Since you don't even seen to know it's limitations I think this is a
bad path to walk down.

> Example using VRF devices:
> 1. vrf1 is created and assigned to table 5
> 2. eth2 is enslaved to vrf1
> 3. eth2 is given the address 1.1.1.1/24
>
> $ ip route ls table 5
> prohibit default
> 1.1.1.0/24 dev eth2  scope link
> local 1.1.1.1 dev eth2  proto kernel  scope host  src 1.1.1.1
>
> With out setting a VRF context ping, tcp and udp attempts fail. e.g,
> $ ping 1.1.1.254
> connect: Network is unreachable
>
> After binding the task to the vrf device ping succeeds:
> $ ./chvrf -v 1 ping -c1 1.1.1.254
> PING 1.1.1.254 (1.1.1.254) 56(84) bytes of data.

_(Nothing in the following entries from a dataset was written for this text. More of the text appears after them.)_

Lemma werner_idx (eta : C) a b c d : werner eta (idx a b) (idx c d) =
  (1 - eta) / 4%:R * ((a == c) && (b == d))%:R
  + eta * (if (a != b) && (c != d) then (if a == c then 2^-1 else - 2^-1) else 0).
Proof.
have s2 : (sqrtC (2 : C))^-1 * (sqrtC 2)^-1 = 2^-1.
  by rewrite -invfM -expr2 sqrtCK.
have r2 : (sqrtC (2 : C))^-1 \is Num.real.
  by apply: ger0_real; rewrite invr_ge0 sqrtC_ge0 ler0n.
have c2 : ((sqrtC (2 : C))^-1)^* = (sqrtC 2)^-1 by exact: conj_Creal.
have cN2 : (- (sqrtC (2 : C))^-1)^* = - (sqrtC 2)^-1.
  by apply: conj_Creal; rewrite rpredN.
rewrite /werner !mxE idx_eq big_ord1 /adj !mxE !val_idx.
by case: (ord2P a) => ->; case: (ord2P b) => ->; case: (ord2P c) => ->;
  case: (ord2P d) => -> /=;
  rewrite ?cN2 ?c2 ?rmorph0 ?mulr0 ?mul0r ?mulrN ?mulNr ?opprK ?s2 ?addr0 ?add0r
    ?mulr1 //; ring.
Qed.

Lemma ptraceA_werner (eta : C) (P : 'M[C]_2) :
  ptraceA (kron P 1%:M *m werner eta) =
  ((1 - eta) / 4%:R * \tr P) *: 1%:M + (eta / 2) *: (\tr P *: 1%:M - P).
Proof.
have wE := werner_idx eta; move: (werner eta) wE => W wE.
apply/matrixP => i j; rewrite /ptraceA /kron !mxE big_ord2 /mxtrace big_ord2.
rewrite !mxE !big_ord4 !mxE !fst_idx !snd_idx !wE.
by case: (ord2P i) => ->; case: (ord2P j) => -> /=; ring.
Qed.
Lemma iter_taboo_le_second_moment m k : m.+1%:R * iter m taboo h k <= h2 k.
Proof.
apply: le_trans (sum_iter_taboo_le m.+1 k).
have -> : m.+1%:R * iter m taboo h k = \sum_(n < m.+1) iter m taboo h k.
  by rewrite sumr_const card_ord mulr_natl.
apply: ler_sum => n _.
apply: (Order.NatMonotonyTheory.nonincnP (f := fun n => iter n taboo h k)).
  by move=> {}n; rewrite iterSr; apply: iter_taboo_le; apply: taboo_mean_hit_le.
exact: ltn_ord n.
Qed.

Lemma sum_subn_double m : ((\sum_(n < m) (m - n)).*2 = m * m.+1)%N.
Proof.
elim: m => [|m IHm]; first by rewrite big_ord0.
rewrite big_ord_recl subn0 (eq_bigr (fun n : 'I_m => m - n)%N) => [|n _].
  by rewrite doubleD IHm; lia.
by rewrite lift0 subSS.
Qed.

Lemma survival_le_second_moment m k : (m * m.+1)%:R * survival m k <= 2 * h2 k.
Proof.
have : \sum_(n < m) (m - n)%:R * survival m k <= h2 k.
  apply: le_trans (sum_iter_taboo_le m k); apply: ler_sum => n _.
  by have := mul_survival_le_iter_taboo n (m - n) k; rewrite subnKC // ltnW.
rewrite -mulr_suml -natr_sum -(sum_subn_double m) -muln2 natrM.
set t := survival m k; set u := (\sum_(n < m) _)%:R; nra.
Qed.

Lemma hit_series_bounds i m : i != j ->
  h i - 3 * h2 i / m.+1%:R <= hit_series P i j m <= h i.
Proof.
move=> ij; rewrite hit_series_survival // (mean_hit_unfold m i).
have w_gt0 : 0 < m.+1%:R :> R by rewrite ltr0n.
have q_le : iter m taboo h i <= h2 i / m.+1%:R.
  by rewrite ler_pdivlMr // mulrC iter_taboo_le_second_moment.
have g_le : m%:R * survival m i <= 2 * (h2 i / m.+1%:R).
  by rewrite mulrA ler_pdivlMr // mulrAC -natrM survival_le_second_moment.
have q_ge0 := iter_taboo_ge0 m mean_hit_ge0 i.
have g_ge0 := mulr_ge0 (ler0n R m) (survival_ge0 m i).
rewrite -mulrA; set u := h2 i / _ in q_le g_le *.
by apply/andP; split; lra.
Qed.

Lemma hit_series_cvg i : i != j -> hit_series P i j @ \oo --> h i.
Proof.
move=> ij; apply: (@squeeze_cvgr _ _ _ _ (fun m => h i - 3 * h2 i * harmonic m) (fun=> h i)).
- by apply: nearW => m; apply: hit_series_bounds.
- rewrite -[X in _ --> X]subr0 -(mulr0 (3 * h2 i)).
  by apply: cvgB; [exact: cvg_cst | apply: cvgMl_tmp; exact: cvg_harmonic].
- exact: cvg_cst.
Qed.

End MeanHittingTime.
End Taboo.

Lemma lap_taboo_fixpoint (R : realType) (N : nat) (P : 'I_N -> 'I_N -> R)
    (s b y : 'I_N -> R) (j : 'I_N) :
  (forall k, s k != 0) -> y j = 0 -> b j = 0 ->
  (forall k, k != j -> \sum_l s k * ((k == l)%:R - P k l) * y l = s k * b k) ->
  forall k, y k = b k + taboo P j y k.
Proof.
move=> s_neq0 yj bj lap_y k; rewrite /taboo; case: eqVneq => [->|kj].
  by rewrite yj bj addr0.
have -> : \sum_(l | l != j) P k l * y l = \sum_l P k l * y l.
  by rewrite [RHS](bigD1 j) //= yj mulr0 add0r.
apply: (mulfI (s_neq0 k)); rewrite mulrDr -lap_y //.
rewrite (eq_bigr (fun l => s k * ((k == l)%:R * y l) - s k * (P k l * y l))) => [|l _].
  rewrite sumrB -!mulr_sumr (bigD1 k) //= eqxx mul1r big1 ?addr0 => [|l lk].
    by rewrite subrK.
  by rewrite eq_sym (negbTE lk) mul0r.
by rewrite mulrBr mulrBl -!mulrA.
Qed.

Section LaplacianSpectrum.
Variables (R : realType) (N : nat) (L phi : 'M[R]_N) (theta : 'I_N -> R).

Definition green (i l : 'I_N) : R :=
  \sum_(k < N | (0 < k)%N) (theta k)^-1 * (phi k i * phi k l).

Definition green_hit (c : 'I_N -> R) (j i : 'I_N) : R :=
  \sum_z c z * (green j j - green i j - green j z + green i z).

Lemma green_hit_at_target c j : green_hit c j j = 0.
Proof. by rewrite /green_hit big1 // => z _; rewrite subrr sub0r addNr mulr0. Qed.

Lemma green_hitE c j i : green_hit c j i = \sum_z c z * \sum_(k < N | (0 < k)%N)
    (theta k)^-1 * (phi k j ^+ 2 - phi k i * phi k j - phi k j * phi k z + phi k i * phi k z).
Proof.
apply: eq_bigr => z _; congr (_ * _).
by rewrite /green -!sumrB -big_split /=; apply: eq_bigr => k _; ring.
Qed.

Lemma green_weighted_diagE c j :
  (\sum_z c z) * green j j - \sum_z c z * green j z =
  \sum_(k < N | (0 < k)%N) (theta k)^-1 *
    ((\sum_z c z) * phi k j ^+ 2 - phi k j * \sum_z c z * phi k z).
Proof.
have -> : \sum_z c z * green j z = \sum_(k < N | (0 < k)%N)
    (theta k)^-1 * (phi k j * \sum_z c z * phi k z).
  rewrite /green; under eq_bigr do rewrite mulr_sumr.
  rewrite exchange_big; apply: eq_bigr => k _.
  by rewrite !mulr_sumr; apply: eq_bigr => z _; ring.
by rewrite /green mulr_sumr -sumrB; apply: eq_bigr => k _; ring.
Qed.

Variable k0 : 'I_N.
Hypothesis k0_val : val k0 = 0%N.
Hypothesis L_row0 : forall i, \sum_l L i l = 0.
Hypothesis L_col0 : forall l, \sum_i L i l = 0.
Hypothesis phi_orthonormal : phi *m phi^T = 1%:M.
Hypothesis phi_eigen : forall k, L *m (row k phi)^T = theta k *: (row k phi)^T.
Hypothesis theta_gt0 : forall k : 'I_N, (0 < k)%N -> 0 < theta k.

Lemma ord_gt0E (k : 'I_N) : (0 < k)%N = (k != k0).
Proof. by rewrite lt0n -k0_val; congr (~~ _); apply/eqP/eqP => [/val_inj|->]. Qed.

Lemma phi_eigenE k i : \sum_l L i l * phi k l = theta k * phi k i.
Proof.
have /matrixP/(_ i ord0) := phi_eigen k; rewrite !mxE => <-.
by apply: eq_bigr => l _; rewrite !mxE.
Qed.

Lemma phi_row_norm k : \sum_i phi k i * phi k i = 1.
Proof.
have /matrixP/(_ k k) := phi_orthonormal; rewrite !mxE eqxx mulr1n => <-.
by apply: eq_bigr => i _; rewrite mxE.
Qed.

Lemma phi_col_orthonormal i l : \sum_k phi k i * phi k l = (i == l)%:R.
Proof.
have /matrixP/(_ i l) := mulmx1C phi_orthonormal; rewrite !mxE => <-.
by apply: eq_bigr => k _; rewrite mxE.
Qed.

(* summing the eigen-equation over i kills its left-hand side *)
Lemma phi_row_sum0 (k : 'I_N) : (0 < k)%N -> \sum_i phi k i = 0.
Proof.
move=> k_gt0; apply: (mulfI (lt0r_neq0 (theta_gt0 k_gt0))); rewrite mulr0 mulr_sumr.
rewrite (eq_bigr _ (fun i _ => esym (phi_eigenE k i))) exchange_big /=.
by apply: big1 => l _; rewrite -mulr_suml L_col0 mul0r.
Qed.

Lemma phi0_mul_sum i : phi k0 i * \sum_l phi k0 l = 1.
Proof.
have : \sum_l \sum_k phi k i * phi k l = 1.
  rewrite (eq_bigr _ (fun l _ => phi_col_orthonormal i l)) (bigD1 i) //= eqxx.
  by rewrite big1 ?addr0 // => l li; rewrite eq_sym (negbTE li).
rewrite exchange_big (bigD1 k0) //= [X in _ + X]big1 ?addr0 => [|k k_neq0]; last first.
  by rewrite -mulr_sumr phi_row_sum0 ?mulr0 ?ord_gt0E.
by rewrite -mulr_sumr.
Qed.

Lemma phi0_mul i l : phi k0 i * phi k0 l = N%:R^-1.
Proof.
set u := \sum_m phi k0 m.
have u2 : u ^+ 2 = N%:R.
  rewrite -[LHS]mul1r -[in LHS](phi_row_norm k0) mulr_suml.
  have -> : N%:R = \sum_(m < N) 1 :> R by rewrite sumr_const card_ord.
  by apply: eq_bigr => m _; rewrite expr2 mulrACA /u phi0_mul_sum mulr1.
have u_neq0 : u != 0.
  apply/eqP => u0; have := phi0_mul_sum i.
  by rewrite -/u u0 mulr0 => /eqP; rewrite eq_sym oner_eq0.
rewrite -u2; apply: (mulIf (expf_neq0 2 u_neq0)).
by rewrite mulVf ?expf_neq0 // expr2 mulrACA /u !phi0_mul_sum mulr1.
Qed.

> 64 bytes from 1.1.1.254: icmp_seq=1 ttl=64 time=2.32 ms
>
> Signed-off-by: David Ahern <dsa@cumulusnetworks.com>
> ---
>  include/linux/sched.h      |  3 +++
>  include/uapi/linux/prctl.h |  4 ++++
>  kernel/fork.c              |  2 ++
>  kernel/sys.c               | 35 +++++++++++++++++++++++++++++++++++
>  net/ipv4/af_inet.c         |  1 +
>  net/ipv4/route.c           |  4 +++-
>  net/ipv6/af_inet6.c        |  1 +
>  net/ipv6/route.c           |  2 +-
>  8 files changed, 50 insertions(+), 2 deletions(-)
>
> diff --git a/include/linux/sched.h b/include/linux/sched.h
> index 04b5ada460b4..29b336b8a466 100644
> --- a/include/linux/sched.h
> +++ b/include/linux/sched.h
> @@ -1528,6 +1528,9 @@ struct task_struct {
>  	struct files_struct *files;
>  /* namespaces */
>  	struct nsproxy *nsproxy;
> +/* network */
> +	/* if set INET/INET6 sockets are bound to given dev index on create */
> +	int sk_bind_dev_if;
>  /* signal handlers */
>  	struct signal_struct *signal;
>  	struct sighand_struct *sighand;
> diff --git a/include/uapi/linux/prctl.h b/include/uapi/linux/prctl.h
> index 31891d9535e2..1ef45195d146 100644
> --- a/include/uapi/linux/prctl.h
> +++ b/include/uapi/linux/prctl.h
> @@ -190,4 +190,8 @@ struct prctl_mm_map {
>  # define PR_FP_MODE_FR		(1 << 0)	/* 64b FP registers */
>  # define PR_FP_MODE_FRE		(1 << 1)	/* 32b compatibility */
>  
> +/* get/set network interface sockets are bound to by default */
> +#define PR_SET_SK_BIND_DEV_IF   47
> +#define PR_GET_SK_BIND_DEV_IF   48
> +
>  #endif /* _LINUX_PRCTL_H */
> diff --git a/kernel/fork.c b/kernel/fork.c
> index dbd9b8d7b7cc..8b396e77d2bf 100644
> --- a/kernel/fork.c
> +++ b/kernel/fork.c
> @@ -380,6 +380,8 @@ static struct task_struct *dup_task_struct(struct task_struct *orig)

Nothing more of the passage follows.